2024-05-28T17:22:37.067Z info: [Crawler][47] Finished waiting for the page to load.
2024-05-28T17:22:37.615Z info: [Crawler] The puppeteer browser got disconnected. Will attempt to launch it again.
2024-05-28T17:22:37.615Z info: [Crawler] Connecting to existing browser instance: http://chrome:9222
2024-05-28T17:22:37.616Z info: [Crawler] Successfully resolved IP address, new address: http://172.26.0.5:9222/
2024-05-28T17:22:37.618Z error: [Crawler] Failed to connect to the browser instance, will retry in 5 secs
2024-05-28T17:22:42.617Z info: [Crawler] Connecting to existing browser instance: http://chrome:9222
2024-05-28T17:22:42.618Z info: [Crawler] Successfully resolved IP address, new address: http://172.26.0.5:9222/
2024-05-28T17:23:35.170Z error: [Crawler][47] Crawling job failed: Error: Timed-out after 60 secs
2024-05-28T17:23:39.199Z info: [Crawler][47] Will crawl "https://www.simplyrecipes.com/recipes/carrot_top_pesto/" for link with id "v5h6o0jb40ba6z1st7kldvzx"
2024-05-28T17:23:39.737Z info: [Crawler][47] Successfully navigated to "https://www.simplyrecipes.com/recipes/carrot_top_pesto/". Waiting for the page to load ...
2024-05-28T17:23:41.030Z info: [Crawler][47] Finished waiting for the page to load.

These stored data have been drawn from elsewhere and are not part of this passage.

(* Let $\kappa$ be an admissible kernel induced by $\mathbf a:\mathbb R^D\to\mathcal H$, and let $\mathcal S=\{\theta^\star_\ell\}_{\ell=1}^{m}\subset\mathbb R^D$ (pairwise distinct) be admissible with respect to $\kappa$. Then (i) the atoms $\mathbf a(\theta^\star_1),\dots,\mathbf a(\theta^\star_m)$ are linearly independent; (ii) with $\mathbf G\in\mathbb R^{m\times m}$, $\mathbf G[\ell,\ell']=\kappa(\theta^\star_\ell,\theta^\star_{\ell'})$, and $\mathbf g_\theta\in\mathbb R^m$, $\mathbf g_\theta[\ell]=\kappa(\theta,\theta^\star_\ell)$, one has $\|\mathbf G^{-1}\mathbf g_\theta\|_1<1$ for every $\theta\in\mathbb R^D\setminus\mathcal S$.
   Context: Kernel: $\kappa(\theta,\theta')=\langle\mathbf a(\theta),\mathbf a(\theta')\rangle$ on a real Hilbert space $\mathcal H$. The kernel is admissible if: (i) $\kappa(\theta,\theta)=1$ for all $\theta$; $\lim_{\theta'\to\theta}\kappa(\theta,\theta')=1$ for all $\theta$; for every $\varepsilon>0$ and $\theta$ there is a compact $K$ with $\sup_{\theta'\notin K}\kappa(\theta',\theta)<\varepsilon$; (ii) $0\le\kappa(\theta,\theta')<1$ whenever $\theta\ne\theta'$. A support $\{\theta^\star_\ell\}_{\ell=1}^k$ is admissible with respect to $\kappa$ if for every nonempty $T\subseteq\{1,\dots,k\}$ and every positive reals $\{c_\ell\}_{\ell\in T}$ with $\sum_{\ell\in T}c_\ell<1$, setting $\psi(\theta)=\sum_{\ell\in T}c_\ell\kappa(\theta,\theta^\star_\ell)$: (i) the set of global maximizers of $\psi$ over $\mathbb R^D$ is contained in $\{\theta^\star_\ell\}_{\ell\in T}$; (ii) if $\ell\in\{1,\dots,k\}\setminus T$ satisfies $\psi(\theta)-\kappa(\theta,\theta^\star_\ell)\le 0$ for all $\theta\in\{\theta^\star_{\ell'}\}_{\ell'\in T}$, then $\psi(\theta)-\kappa(\theta,\theta^\star_\ell)\le0$ for all $\theta\in\mathbb R^D$. *)

From Stdlib Require Import Reals Lra.
From Stdlib Require Fin.
Open Scope R_scope.

Fixpoint fsum {A : Type} (z : A) (add : A -> A -> A) (n : nat) : (Fin.t n -> A) -> A :=
  match n return (Fin.t n -> A) -> A with
  | O => fun _ => z
  | S k => fun f => add (f Fin.F1) (fsum z add k (fun i => f (Fin.FS i)))
  end.

Definition rsum (n : nat) (f : Fin.t n -> R) : R := fsum 0 Rplus n f.

Definition RD (D : nat) := Fin.t D -> R.
Definition dist {D : nat} (x y : RD D) : R := sqrt (rsum D (fun i => (x i - y i) ^ 2)).
Definition enorm {D : nat} (x : RD D) : R := sqrt (rsum D (fun i => (x i) ^ 2)).

Definition is_open {D : nat} (U : RD D -> Prop) : Prop :=
  forall x, U x -> exists r, 0 < r /\ forall y, dist x y < r -> U y.
Definition is_closed {D : nat} (K : RD D -> Prop) : Prop := is_open (fun x => ~ K x).
Definition is_bounded {D : nat} (K : RD D -> Prop) : Prop :=
  exists r, forall x, K x -> enorm x <= r.
(* Heine-Borel: compact subsets of R^D are exactly the closed bounded ones. *)
Definition is_compact {D : nat} (K : RD D -> Prop) : Prop := is_closed K /\ is_bounded K.

Record HilbertSpace := {
  hcar :> Type;
  hzero : hcar;
  hadd : hcar -> hcar -> hcar;
  hscal : R -> hcar -> hcar;
  inner : hcar -> hcar -> R;
  hadd_assoc : forall x y z, hadd x (hadd y z) = hadd (hadd x y) z;
  hadd_comm : forall x y, hadd x y = hadd y x;
  hadd_zero : forall x, hadd x hzero = x;
  hadd_opp : forall x, hadd x (hscal (-1) x) = hzero;
  hscal_one : forall x, hscal 1 x = x;
  hscal_assoc : forall a b x, hscal a (hscal b x) = hscal (a * b) x;
  hscal_distr_l : forall a x y, hscal a (hadd x y) = hadd (hscal a x) (hscal a y);
  hscal_distr_r : forall a b x, hscal (a + b) x = hadd (hscal a x) (hscal b x);
  inner_sym : forall x y, inner x y = inner y x;
  inner_lin : forall a x y z, inner (hadd (hscal a x) y) z = a * inner x z + inner y z;
  inner_pos : forall x, 0 <= inner x x;
  inner_def : forall x, inner x x = 0 -> x = hzero;
  hcomplete : forall u : nat -> hcar,
    (forall eps, 0 < eps -> exists N, forall p q, (N <= p)%nat -> (N <= q)%nat ->
        sqrt (inner (hadd (u p) (hscal (-1) (u q))) (hadd (u p) (hscal (-1) (u q)))) < eps) ->
    exists l, forall eps, 0 < eps -> exists N, forall p, (N <= p)%nat ->
        sqrt (inner (hadd (u p) (hscal (-1) l)) (hadd (u p) (hscal (-1) l))) < eps
}.

Definition kappa {D : nat} (H : HilbertSpace) (a : RD D -> H) (t t' : RD D) : R :=
  inner H (a t) (a t').

Definition admissible_kernel {D : nat} (H : HilbertSpace) (a : RD D -> H) : Prop :=
  let k := kappa H a in
  (forall t, k t t = 1) /\
  (forall t eps, 0 < eps -> exists delta, 0 < delta /\
      forall t', dist t t' < delta -> Rabs (k t t' - 1) < eps) /\
  (forall eps t, 0 < eps -> exists K : RD D -> Prop, is_compact K /\
      exists b, b < eps /\ forall t', ~ K t' -> k t' t <= b) /\
  (forall t t', t <> t' -> 0 <= k t t' /\ k t t' < 1).

Definition psi {D m : nat} (k : RD D -> RD D -> R) (ts : Fin.t m -> RD D)
  (T : Fin.t m -> bool) (c : Fin.t m -> R) (t : RD D) : R :=
  rsum m (fun l => if T l then c l * k t (ts l) else 0).

Definition admissible_support {D m : nat} (k : RD D -> RD D -> R) (ts : Fin.t m -> RD D) : Prop :=
  forall (T : Fin.t m -> bool) (c : Fin.t m -> R),
    (exists l, T l = true) ->
    (forall l, T l = true -> 0 < c l) ->
    rsum m (fun l => if T l then c l else 0) < 1 ->
    (forall t, (forall t', psi k ts T c t' <= psi k ts T c t) ->
        exists l, T l = true /\ t = ts l) /\
    (forall l, T l = false ->
        (forall l', T l' = true -> psi k ts T c (ts l') - k (ts l') (ts l) <= 0) ->
        forall t, psi k ts T c t - k t (ts l) <= 0).

Definition lin_indep {m : nat} (H : HilbertSpace) (v : Fin.t m -> H) : Prop :=
  forall c : Fin.t m -> R,
    fsum (hzero H) (hadd H) m (fun l => hscal H (c l) (v l)) = hzero H ->
    forall l, c l = 0.

Definition delta {m : nat} (i j : Fin.t m) : R := if Fin.eq_dec i j then 1 else 0.
Definition is_inverse {m : nat} (G Gi : Fin.t m -> Fin.t m -> R) : Prop :=
  (forall i j, rsum m (fun k => Gi i k * G k j) = delta i j) /\
  (forall i j, rsum m (fun k => G i k * Gi k j) = delta i j).
Definition matvec {m : nat} (M : Fin.t m -> Fin.t m -> R) (v : Fin.t m -> R) : Fin.t m -> R :=
  fun i => rsum m (fun k => M i k * v k).
Definition l1norm {m : nat} (v : Fin.t m -> R) : R := rsum m (fun i => Rabs (v i)).

(* For a support [U] and an atom [l] of [U], let [b] be the coefficients of the orthogonal
   projection of [a (ts l)] onto the other atoms of [U], and [r = a (ts l) - sum b_j a (ts j)]
   the residual.  By induction on [|U|], every such [b] is nonnegative with sum < 1, and so is
   the projection vector of any [a x] with [x] not an atom of [U]:
   - nonnegativity: applying property (ii) of the admissible support to the positive part of [b]
     shows [<a y, r> >= 0] for every [y], and the coefficient of [a x] on atom [l] is
     [<a x, r> / <r, a (ts l)>];
   - sum < 1: the dual vector [alpha], with [<sum alpha_j a (ts j), a (ts k)> = 1] on [U], has
     positive coefficients; a scaled copy is an admissible weight vector whose [psi] is constant
     on the atoms, and [psi] attains its maximum (the kernel is continuous and vanishes at
     infinity) only at atoms by property (i), so [<sum alpha_j a (ts j), a x> < 1]; this inner
     product is the sum of the projection coefficients of [a x].
   For the full support the residuals are biorthogonal to the atoms with positive gaps, which gives
   linear independence and the inverse Gram matrix (row [l] is [r_l / <r_l, a (ts l)>]), and
   [G^-1 g_x] is the projection vector of [a x]. *)

From Stdlib Require Import Reals Lra Lia.
From Stdlib Require Rtopology.
From Stdlib Require Fin.
From Stdlib Require Import ClassicalEpsilon Classical.
Open Scope R_scope.

Lemma rsum_S n (f : Fin.t (S n) -> R) :
  rsum (S n) f = f Fin.F1 + rsum n (fun i => f (Fin.FS i)).
Proof. reflexivity. Qed.

Lemma rsum_ext n (f g : Fin.t n -> R) : (forall i, f i = g i) -> rsum n f = rsum n g.
Proof.
  induction n; intros E; [reflexivity|].
  rewrite !rsum_S, E, (IHn _ (fun i => g (Fin.FS i))); auto.
Qed.

Lemma rsum_0 n : rsum n (fun _ => 0) = 0.
Proof. induction n; [reflexivity|]. rewrite rsum_S, IHn; lra. Qed.

Lemma rsum_eq_0 n (f : Fin.t n -> R) : (forall i, f i = 0) -> rsum n f = 0.
Proof. intros E. rewrite (rsum_ext _ _ (fun _ => 0) E). apply rsum_0. Qed.

Lemma rsum_plus n (f g : Fin.t n -> R) : rsum n (fun i => f i + g i) = rsum n f + rsum n g.
Proof.
  induction n; [unfold rsum; simpl; lra|].
  rewrite !rsum_S, (IHn (fun i => f (Fin.FS i)) (fun i => g (Fin.FS i))). lra.
Qed.

Lemma rsum_minus n (f g : Fin.t n -> R) : rsum n (fun i => f i - g i) = rsum n f - rsum n g.
Proof.
  induction n; [unfold rsum; simpl; lra|].
  rewrite !rsum_S, (IHn (fun i => f (Fin.FS i)) (fun i => g (Fin.FS i))). lra.
Qed.

Lemma rsum_scal_l n c (f : Fin.t n -> R) : rsum n (fun i => c * f i) = c * rsum n f.
Proof.
  induction n; [unfold rsum; simpl; lra|]. rewrite !rsum_S, (IHn (fun i => f (Fin.FS i))). lra.
Qed.
(* Assume $V=L$. Let $\zeta\in\Xi$, $X\in\mathrm{IPS}_\zeta$, and let $A\subseteq X$ be a set which has the Baire property relative to $X$ and is not meager relative to $X$. Then there is $Y\in\mathrm{IPS}_\zeta$ with $Y\subseteq A$.
   Context: $T$ is the set of all nonempty finite sequences of countable ordinals, ordered by strict extension $\subset$. $\Xi$ is the set of all at most countable $\xi\subseteq T$ closed downward under $\subset$. $D=2^\omega$; $D^\xi$ is the product of $\xi$ copies of $D$ with the product topology; for $\eta\subseteq\xi$ and $x\in D^\xi$, $x\restriction\eta$ is the restriction. For $\zeta\in\Xi$, $\mathrm{IPS}_\zeta$ is the set of all $X\subseteq D^\zeta$ for which there is a homeomorphism $H$ of $D^\zeta$ onto $X$ such that for all $x_0,x_1\in D^\zeta$ and all $\xi\in\Xi$, $\xi\subseteq\zeta$: $x_0\restriction\xi=x_1\restriction\xi\iff H(x_0)\restriction\xi=H(x_1)\restriction\xi$. *)

From HB Require Import structures.
From mathcomp Require Import all_boot all_order all_algebra.
From mathcomp Require Import all_classical topology cantor.
Set Implicit Arguments. Unset Strict Implicit. Unset Printing Implicit Defensive.
Local Open Scope classical_set_scope.

(* The role of omega_1 (the countable ordinals) is played by an arbitrary
   type [Om].  Elements of T are nonempty finite sequences. *)

Definition strict_ext {Om : Type} (s t : seq Om) : Prop :=
  exists u : seq Om, u <> [::] /\ t = s ++ u.

Definition in_Xi {Om : Type} (xi : set (seq Om)) : Prop :=
  [/\ countable xi,
      (forall s, xi s -> s <> [::]) &
      (forall s t, xi t -> strict_ext s t -> s <> [::] -> xi s)].

Definition D := cantor_space.

Definition Dpow {Om : Type} (zeta : set (seq Om)) : topologicalType :=
  prod_topology (fun _ : set_type zeta => D).

Definition restr_eq {Om : Type} (zeta xi : set (seq Om)) (x y : Dpow zeta) : Prop :=
  forall t : set_type zeta, xi (set_val t) -> x t = y t.

Definition homeomorphism_onto {S S' : topologicalType} (H : S -> S') (X : set S') : Prop :=
  [/\ continuous H, injective H, H @` setT = X &
      (forall U : set S, open U -> exists V : set S', open V /\ H @` U = V `&` X)].

Definition IPS {Om : Type} (zeta : set (seq Om)) (X : set (Dpow zeta)) : Prop :=
  exists H : Dpow zeta -> Dpow zeta,
    homeomorphism_onto H X /\
    forall (x0 x1 : Dpow zeta) (xi : set (seq Om)),
      in_Xi xi -> xi `<=` zeta ->
      (restr_eq xi x0 x1 <-> restr_eq xi (H x0) (H x1)).

Definition nowhere_dense {S : topologicalType} (N : set S) : Prop :=
  interior (closure N) = set0.

Definition meager {S : topologicalType} (M : set S) : Prop :=
  exists N : nat -> set S, (forall n, nowhere_dense (N n)) /\ M `<=` \bigcup_n N n.

Definition baire_property {S : topologicalType} (A : set S) : Prop :=
  exists U : set S, open U /\ meager ((A `\` U) `|` (U `\` A)).

(* relative to X : in the subspace topology of X (the type [set_type X]) *)
Definition rel_to {S : topologicalType} (X A : set S) : set (set_type X) :=
  fun x : set_type X => A (set_val x).

Definition meager_rel {S : topologicalType} (X A : set S) : Prop :=
  meager (@rel_to _ X A).

Definition baire_property_rel {S : topologicalType} (X A : set S) : Prop :=
  baire_property (@rel_to _ X A).

(** Pull [A] back along the homeomorphism [H : D^zeta -> X]: having the Baire
    property and not being meager, it contains [O \cap G_0 \cap G_1 \cap ...] for a
    nonempty open [O] and dense open [G_n].  It thus suffices to embed [D^zeta] into
    such a set by a map preserving equality of restrictions to every [xi] in [Xi].
    Enumerate [zeta] as [idx : zeta -> nat] and build the map by fusion: at stage
    [k] the first bits of coordinate [t] of the image of [x] are fixed as a function
    of [x] on the initial segments of [t] only, and inputs that first differ at [t]
    get incomparable strings there.  Stage [k+1] extends all strings into [G_k]
    (finitely many cases, as only finitely many bits of the input matter) and then
    copies one more bit of the input.  The argument does not use V = L. *)

From HB Require Import structures.
From mathcomp Require Import all_boot all_order all_algebra.
From mathcomp Require Import all_classical topology cantor.
From mathcomp Require Import zify.
Set Implicit Arguments. Unset Strict Implicit. Unset Printing Implicit Defensive.
Local Open Scope classical_set_scope.

Lemma prod_topology_cvgP (I : Type) (K : I -> topologicalType)
    (F : set_system (prod_topology K)) (f : prod_topology K) : Filter F ->
  F --> f <-> forall i, (fun g : prod_topology K => g i) @ F --> f i.
Proof.
move=> FF; rewrite cvg_sup; split=> cvF i.
- move=> A Afi; apply: cvF.
  exact: (@initial_continuous _ _ (fun g : prod_topology K => g i)).
- move=> A; rewrite (@nbhsE (initial_topology (fun g : prod_topology K => g i))) /=.
  move=> -[B [[B' oB' <-] B'fi] BA].
  by apply: filterS BA _; apply: cvF; exact: open_nbhs_nbhs.
Qed.

Lemma bool_cvgP (F : set_system bool) (b : bool) : Filter F ->
  F --> b <-> F [set c | c = b].
Proof.
move=> FF; split=> [cvF|Fb A /principal_filterP Ab]; first exact: cvF.
by apply: filterS Fb => c ->.
Qed.

Lemma nowhere_dense_closureC_dense (T : topologicalType) (N : set T) :
  nowhere_dense N -> dense (~` closure N).
Proof.
move=> ndN O [o Oo] oO; have [//|no_meet] := pselect (O `&` ~` closure N !=set0).
have : O `<=` (closure N)°.
  by rewrite -open_subsetE // => z Oz; apply: contra_notP no_meet => nNz; exists z.
by rewrite ndN => /(_ o Oo).
Qed.

Lemma open_map_preimage_dense (S T : topologicalType) (g : S -> T) (D : set T) :
  (forall W, open W -> open (g @` W)) -> dense D -> dense (g @^-1` D).
Proof.
move=> gop dD W [w Ww] oW.
have [_ [[v Wv <-] Dgv]] := dD (g @` W) (ex_intro _ (g w) (ex_intro2 _ _ w Ww erefl)) (gop W oW).
by exists v.
Qed.

Lemma homeomorphism_onto_comp (S1 S2 S3 : topologicalType) (f : S1 -> S2) (g : S2 -> S3)
    (Y : set S3) :
  homeomorphism_onto f (range f) -> homeomorphism_onto g Y ->
  homeomorphism_onto (g \o f) (range (g \o f)).
Proof.
move=> [fc finj _ fop] [gc ginj gY gop]; split=> //.
- by move=> x; apply: continuous_comp; [exact: fc | exact: gc].
- exact: inj_comp.
- move=> U oU; have [V1 [oV1 fU]] := fop U oU; have [V2 [oV2 gV1]] := gop V1 oV1.
  exists V2; split=> //; apply/seteqP; split=> [_ [x Ux <-]|z [V2z [x _ fxz]]].
    split; last by exists x.
    have [] : (V1 `&` range f) (f x) by rewrite -fU; exists x.
    by move=> V1fx _; have [] : (V2 `&` Y) (g (f x)) by rewrite -gV1; exists (f x).
  have [w V1w gw] : (g @` V1) z by rewrite gV1; split=> //; rewrite -gY -fxz; exists (f x).
  have wfx : w = f x by apply: ginj; rewrite gw.
  have [x' Ux' fx'] : (f @` U) (f x) by rewrite fU; split; [rewrite -wfx | exists x].
  by exists x' => //=; rewrite fx' -wfx.
Qed.

Lemma homeomorphism_onto_corestrict (S T : topologicalType) (H : S -> T) (X : set T) :
  homeomorphism_onto H X -> exists g : S -> set_type X,
    [/\ forall z, set_val (g z) = H z, continuous g,
        (forall W, open W -> open (g @` W)) & forall u, exists z, g z = u].
Proof.
move=> [Hc _ HX Hop]; have XH z : X (H z) by rewrite -HX; exists z.
exists (fun z => exist _ (H z) (mem_set (XH z))); split=> //.
- by apply: (@continuous_comp_initial _ _ _ set_val).
- move=> W oW; have [V [oV HW]] := Hop W oW.
  suff -> : [set exist _ (H z) (mem_set (XH z)) | z in W] = set_val @^-1` V.
    by move: oV; apply: (proj1 (continuousP _)); exact: initial_continuous.
  apply/seteqP; split=> [_ [w Ww <-]|u Vu].
    by have [] : (V `&` X) (H w) by rewrite -HW; exists w.
  have [w Ww Hw] : (H @` W) (set_val u) by rewrite HW; split=> //; exact: set_mem (valP u).
  by exists w => //; apply: val_inj.
- move=> u; have [z _ Hz] : (H @` setT) (set_val u) by rewrite HX; exact: set_mem (valP u).
  by exists z; apply: val_inj.
Qed.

2024-05-28T17:23:41.600Z error: [Crawler][47] Crawling job failed: ProtocolError: Protocol error (Page.captureScreenshot): Unable to capture screenshot
2024-05-28T17:23:49.621Z info: [Crawler][47] Will crawl "https://www.simplyrecipes.com/recipes/carrot_top_pesto/" for link with id "v5h6o0jb40ba6z1st7kldvzx"
2024-05-28T17:23:50.122Z info: [Crawler][47] Successfully navigated to "https://www.simplyrecipes.com/recipes/carrot_top_pesto/". Waiting for the page to load ...
2024-05-28T17:23:51.426Z info: [Crawler][47] Finished waiting for the page to load.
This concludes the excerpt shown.